** Input for this task follows **
Definition pos_def (R : rcfType) n (M : 'M[R]_n) := forall x, x != 0 -> 0 < qform M x.

Section PositiveDefinite.
Variables (R : rcfType) (n : nat).
Implicit Types (M X : 'M[R]_n).

Lemma pos_def_ridge M c :
  (forall x, 0 <= qform M x) -> 0 < c -> pos_def (M + c%:M).
Proof.
move=> M_ge0 c_gt0 x x0; rewrite qformD qform_scalar.
by rewrite ltr_wpDl // mulr_gt0 // fnorm2_gt0.
Qed.

Lemma pos_def_pinv_mulmx M X : pos_def M -> M *m X *m M = M -> M *m X = 1%:M.
Proof.
move=> Mpd MXM; apply/eqP; rewrite -subr_eq0; apply/eqP/row_matrixP => i.
set r := row i (M *m X - 1%:M); rewrite row0.
have rM0 : r *m M = 0 by rewrite -row_mul mulmxBl MXM mul1mx subrr row0.
apply/eqP/contraT; rewrite -trmx_eq0 => /Mpd.
by rewrite /qform trmxK rM0 mul0mx mxE ltxx.
Qed.

Section Inverse.
Variables (M X : 'M[R]_n).
Hypotheses (MT : M^T = M) (MX : M *m X = 1%:M).

Lemma qform_inv_conj a : qform M (X *m a) = qform X a.
Proof.
have aX : (X *m a)^T *m M = a^T by rewrite -MT -trmx_mul mulmxA MX mul1mx.
by rewrite /qform aX mulmxA.
Qed.

Lemma qform_inv_ge a x : (forall y, 0 <= qform M y) ->
  2%:R * \tr (a^T *m x) - qform M x <= qform X a.
Proof.
move=> M_ge0; set y := X *m a.
have My : M *m y = a by rewrite mulmxA MX mul1mx.
have xMy : \tr (x^T *m M *m y) = \tr (a^T *m x) by rewrite -mulmxA My mxtrace_dot_sym.
have yMx : \tr (y^T *m M *m x) = \tr (a^T *m x) by rewrite -MT -trmx_mul My.
have := M_ge0 (x - y); rewrite qform_tr !linearB /= !mulmxBl !linearB /=.
by rewrite xMy yMx -!qform_tr qform_inv_conj => ?; lra.
Qed.

End Inverse.

Lemma qform_inv_le_scale M1 M2 X1 X2 c a :
  M1^T = M1 -> M2^T = M2 -> (forall x, 0 <= qform M1 x) ->
  M1 *m X1 = 1%:M -> M2 *m X2 = 1%:M -> 0 < c ->
  (forall x, qform M1 x <= c * qform M2 x) ->
  qform X2 a <= c * qform X1 a.
Proof.
move=> M1T M2T M1_ge0 M1X1 M2X2 c_gt0 M12.
set y := X2 *m a.
have ay : \tr (a^T *m y) = qform X2 a by rewrite qform_tr mulmxA.
(* the variational bound for X1, evaluated at y / c *)
have := qform_inv_ge M1T M1X1 a (c^-1 *: y) M1_ge0.
rewrite -scalemxAr mxtraceZ ay qformZ => lowX1.
have := M12 y; rewrite (qform_inv_conj M2T M2X2) => M1y.
have c0 : c != 0 by rewrite gt_eqF.
have cV_gt0 : 0 < c^-1 by rewrite invr_gt0.
rewrite -(ler_pM2l cV_gt0) mulrA mulVf // mul1r.
apply: le_trans lowX1; rewrite -subr_ge0.
have -> : 2%:R * (c^-1 * qform X2 a) - c^-1 ^+ 2 * qform M1 y - c^-1 * qform X2 a
    = c^-1 ^+ 2 * (c * qform X2 a - qform M1 y) by field.
by rewrite mulr_ge0 ?subr_ge0 // exprn_ge0 // ltW.
Qed.

End PositiveDefinite.

Lemma best_rank_approx_proj (R : rcfType) n q k (M Mk : 'M[R]_(n, q)) :
  best_rank_approx k M Mk ->
  exists Pi : 'M[R]_n, [/\ Pi^T = Pi, Pi *m Pi = Pi, Mk = Pi *m M,
    \tr Pi <= k%:R & forall p (N : 'M[R]_(n, p)), (\rank (Pi *m N) <= k)%N].
Proof.
move=> Mk_best; have [rkMk _] := Mk_best.
have [Pi [PiT PiK PiMk trPi rkPi]] := proj_of_rank_le rkMk.
have rkPiM p (N : 'M[R]_(n, p)) : (\rank (Pi *m N) <= k)%N.
  exact: leq_trans (mxrankM_maxl _ _) rkPi.
by exists Pi; split=> //; apply: best_rank_approx_eq_projM Mk_best PiMk _.
Qed.

Section BestRankResidual.
Variables (R : rcfType) (n p q k : nat).
Variables (A Ak : 'M[R]_(n, p)) (B Bk : 'M[R]_(n, q)).
Hypotheses (Ak_best : best_rank_approx k A Ak) (Bk_best : best_rank_approx k B Bk).

Lemma best_rank_residual_le :
  loewner_le (B *m B^T) (A *m A^T) -> fnorm2 (A - Ak) <= fnorm2 A - fnorm2 Bk.
Proof.
move=> BA; have [PB [PBT PBK -> _ rkPB]] := best_rank_approx_proj Bk_best.
rewrite fnorm2_projM //.
apply: le_trans (best_rank_residual_le_proj PBT PBK Ak_best (rkPB _ A)) _.
by rewrite lerD2l lerN2 mxtrace_proj_le.
Qed.

Lemma fnorm2_sub_best_rank_le c : 0 <= c ->
  loewner_le (A *m A^T) (B *m B^T + c%:M) ->
  fnorm2 A - fnorm2 Bk <= fnorm2 (A - Ak) + k%:R * c.
Proof.
move=> c_ge0 AB; have [PA [PAT PAK AkE trPA rkPA]] := best_rank_approx_proj Ak_best.
have [PB [PBT PBK BkE _ _]] := best_rank_approx_proj Bk_best.
have PAB : \tr (PA *m (B *m B^T)) <= fnorm2 Bk.
  have := best_rank_residual_le_proj PAT PAK Bk_best (rkPA _ B).
  by rewrite BkE fnorm2_residual_proj // fnorm2_projM // lerD2l lerN2.
have PAA : \tr (PA *m (A *m A^T)) <= \tr (PA *m (B *m B^T)) + k%:R * c.
  have := mxtrace_proj_le PAT PAK AB.
  rewrite mulmxDr mxtraceD mul_mx_scalar mxtraceZ => /le_trans; apply.
  by rewrite lerD2l mulrC ler_wpM2r.
rewrite AkE fnorm2_residual_proj //; lra.
Qed.

End BestRankResidual.

Section RidgeComparison.
Variables (R : rcfType) (n : nat) (G H P Q : 'M[R]_n) (lam mu : R).
Hypotheses (GT : G^T = G) (HT : H^T = H) (H_ge0 : forall x, 0 <= qform H x).
Hypotheses (HG : loewner_le H G) (GH : loewner_le G (H + (2%:R^-1 * lam)%:M)).
Hypotheses (lam_le_mu : lam <= mu) (mu_le : mu <= lam + 2%:R^-1 * lam).
Hypotheses (P_pinv : is_pinv (G + lam%:M) P) (Q_pinv : is_pinv (H + mu%:M) Q).

Let qform_HG x : qform H x <= qform G x.
Proof. by move/loewner_leP: HG. Qed.

Let qform_GH x : qform G x <= qform H x + 2%:R^-1 * lam * fnorm2 x.
Proof. by have /loewner_leP/(_ x) := GH; rewrite qformD qform_scalar. Qed.

Let G_ge0 x : 0 <= qform G x.
Proof. exact: le_trans (H_ge0 x) (qform_HG x). Qed.

Let ridge_sym (M : 'M[R]_n) c : M^T = M -> (M + c%:M)^T = M + c%:M.
Proof. by move=> MT; rewrite linearD /= MT tr_scalar_mx. Qed.

Let ridge_ge0 (M : 'M[R]_n) c : (forall x, 0 <= qform M x) -> 0 <= c ->
  forall x, 0 <= qform (M + c%:M) x.
Proof.
by move=> M_ge0 c_ge0 x; rewrite qformD qform_scalar addr_ge0 ?mulr_ge0 ?fnorm2_ge0.
Qed.

Lemma ridge_pinv_eq : lam = 0 -> P = Q.
Proof.
move=> lam0; have mu0 : mu = 0.
  by move: lam_le_mu mu_le; rewrite lam0 mulr0 addr0 => ? ?; apply/le_anti/andP.
have GHeq : G = H.
  apply/eqP; rewrite -subr_eq0; apply/eqP/qform_sym_eq0 => [|x].
    by rewrite linearB /= GT HT.
  by rewrite qformB; have := qform_HG x; have := qform_GH x; rewrite lam0; lra.
move: P_pinv Q_pinv; rewrite lam0 mu0 GHeq !raddf0 !addr0.
exact: pinv_unique.
Qed.

Lemma ridge_pinv_qform_bounds a :
  2%:R^-1 * qform P a <= qform Q a /\ qform Q a <= 2%:R * qform P a.
Proof.
have lam_ge0 : 0 <= lam by have := lam_le_mu; have := mu_le; lra.
have := lam_ge0; rewrite le_eqVlt eq_sym => /orP[/eqP lam0 | lam_gt0].
  have := pinv_qform_ge0 a (ridge_sym lam GT) (ridge_ge0 G_ge0 lam_ge0) P_pinv.
  by rewrite -(ridge_pinv_eq lam0); split; lra.
have mu_gt0 : 0 < mu by have := lam_le_mu; lra.
have [GP _ _ _] := P_pinv; have [HQ _ _ _] := Q_pinv.
have {}GP := pos_def_pinv_mulmx (pos_def_ridge G_ge0 lam_gt0) GP.
have {}HQ := pos_def_pinv_mulmx (pos_def_ridge H_ge0 mu_gt0) HQ.
have two_gt0 : 0 < 2%:R :> R by [].
have lam_mu (x : 'cV[R]_n) : lam * fnorm2 x <= mu * fnorm2 x.
  by rewrite ler_wpM2r ?fnorm2_ge0.
have mu_lam (x : 'cV[R]_n) : mu * fnorm2 x <= (lam + 2%:R^-1 * lam) * fnorm2 x.
  by rewrite ler_wpM2r ?fnorm2_ge0.
have lam_x_ge0 (x : 'cV[R]_n) : 0 <= lam * fnorm2 x by rewrite mulr_ge0 ?fnorm2_ge0.
split.
- suff : qform P a <= 2%:R * qform Q a by lra.
  apply: (qform_inv_le_scale a (ridge_sym mu HT) (ridge_sym lam GT)
    (ridge_ge0 H_ge0 (ltW mu_gt0)) HQ GP two_gt0) => x.
  rewrite !qformD !qform_scalar.
  have := qform_HG x; have := G_ge0 x; have := mu_lam x; have := lam_x_ge0 x; lra.
- apply: (qform_inv_le_scale a (ridge_sym lam GT) (ridge_sym mu HT)
    (ridge_ge0 G_ge0 (ltW lam_gt0)) GP HQ two_gt0) => x.
  rewrite !qformD !qform_scalar.
  have := qform_GH x; have := H_ge0 x; have := lam_mu x; have := lam_x_ge0 x; lra.
Qed.

End RidgeComparison.

Unset Implicit Arguments.

Theorem mainTheorem11 (R : rcfType) (n d m k : nat)
  (A : 'M[R]_(n, d)) (B : 'M[R]_(n, m))
  (Ak : 'M[R]_(n, d)) (Bk : 'M[R]_(n, m))
  (P Q : 'M[R]_n) :
  (1 <= k)%N ->
  best_rank_approx k A Ak ->
  best_rank_approx k B Bk ->
  loewner_le (B *m B^T) (A *m A^T) ->
  loewner_le (A *m A^T)
    (B *m B^T + ((2%:R)^-1 * (fnorm2 (A - Ak) / k%:R))%:M) ->
  is_pinv (A *m A^T + (fnorm2 (A - Ak) / k%:R)%:M) P ->
  is_pinv (B *m B^T + ((fnorm2 A - fnorm2 Bk) / k%:R)%:M) Q ->
  forall i : 'I_d,
    (2%:R)^-1 * qform P (col i A) <= qform Q (col i A) /\
    qform Q (col i A) <= 2%:R * qform P (col i A).
Proof.
move=> k_ge1 Ak_best Bk_best BA AB P_pinv Q_pinv i.
have k_gt0 : 0 < k%:R :> R by rewrite ltr0n.
have gram_sym p (M : 'M[R]_(n, p)) : (M *m M^T)^T = M *m M^T by rewrite trmx_mul trmxK.
set lam := fnorm2 (A - Ak) / k%:R in AB P_pinv *.
have lamk : lam * k%:R = fnorm2 (A - Ak) by rewrite divfK ?gt_eqF.
have c_ge0 : 0 <= 2%:R^-1 * lam by rewrite !mulr_ge0 ?invr_ge0 ?fnorm2_ge0 ?ler0n.
have residual_le := best_rank_residual_le Ak_best Bk_best BA.
have residual_ge := fnorm2_sub_best_rank_le Ak_best Bk_best c_ge0 AB.
apply: (ridge_pinv_qform_bounds (gram_sym _ A) (gram_sym _ B) (@qform_gram_ge0 _ _ _ B)
  BA AB _ _ P_pinv Q_pinv).
- by rewrite -(ler_pM2r k_gt0) lamk divfK ?gt_eqF.
- by rewrite -(ler_pM2r k_gt0) divfK ?gt_eqF //; lra.
Qed.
** End of Input for this task **
- **To do**
The reply should consist solely of the lines above from the one that has "fnorm2 A - fnorm2 Bk <= fnorm2" through the one that has "Section RidgeComparison.", reproduced exactly.

- **Output below**
  fnorm2 A - fnorm2 Bk <= fnorm2 (A - Ak) + k%:R * c.
Proof.
move=> c_ge0 AB; have [PA [PAT PAK AkE trPA rkPA]] := best_rank_approx_proj Ak_best.
have [PB [PBT PBK BkE _ _]] := best_rank_approx_proj Bk_best.
have PAB : \tr (PA *m (B *m B^T)) <= fnorm2 Bk.
  have := best_rank_residual_le_proj PAT PAK Bk_best (rkPA _ B).
  by rewrite BkE fnorm2_residual_proj // fnorm2_projM // lerD2l lerN2.
have PAA : \tr (PA *m (A *m A^T)) <= \tr (PA *m (B *m B^T)) + k%:R * c.
  have := mxtrace_proj_le PAT PAK AB.
  rewrite mulmxDr mxtraceD mul_mx_scalar mxtraceZ => /le_trans; apply.
  by rewrite lerD2l mulrC ler_wpM2r.
rewrite AkE fnorm2_residual_proj //; lra.
Qed.

End BestRankResidual.

Section RidgeComparison.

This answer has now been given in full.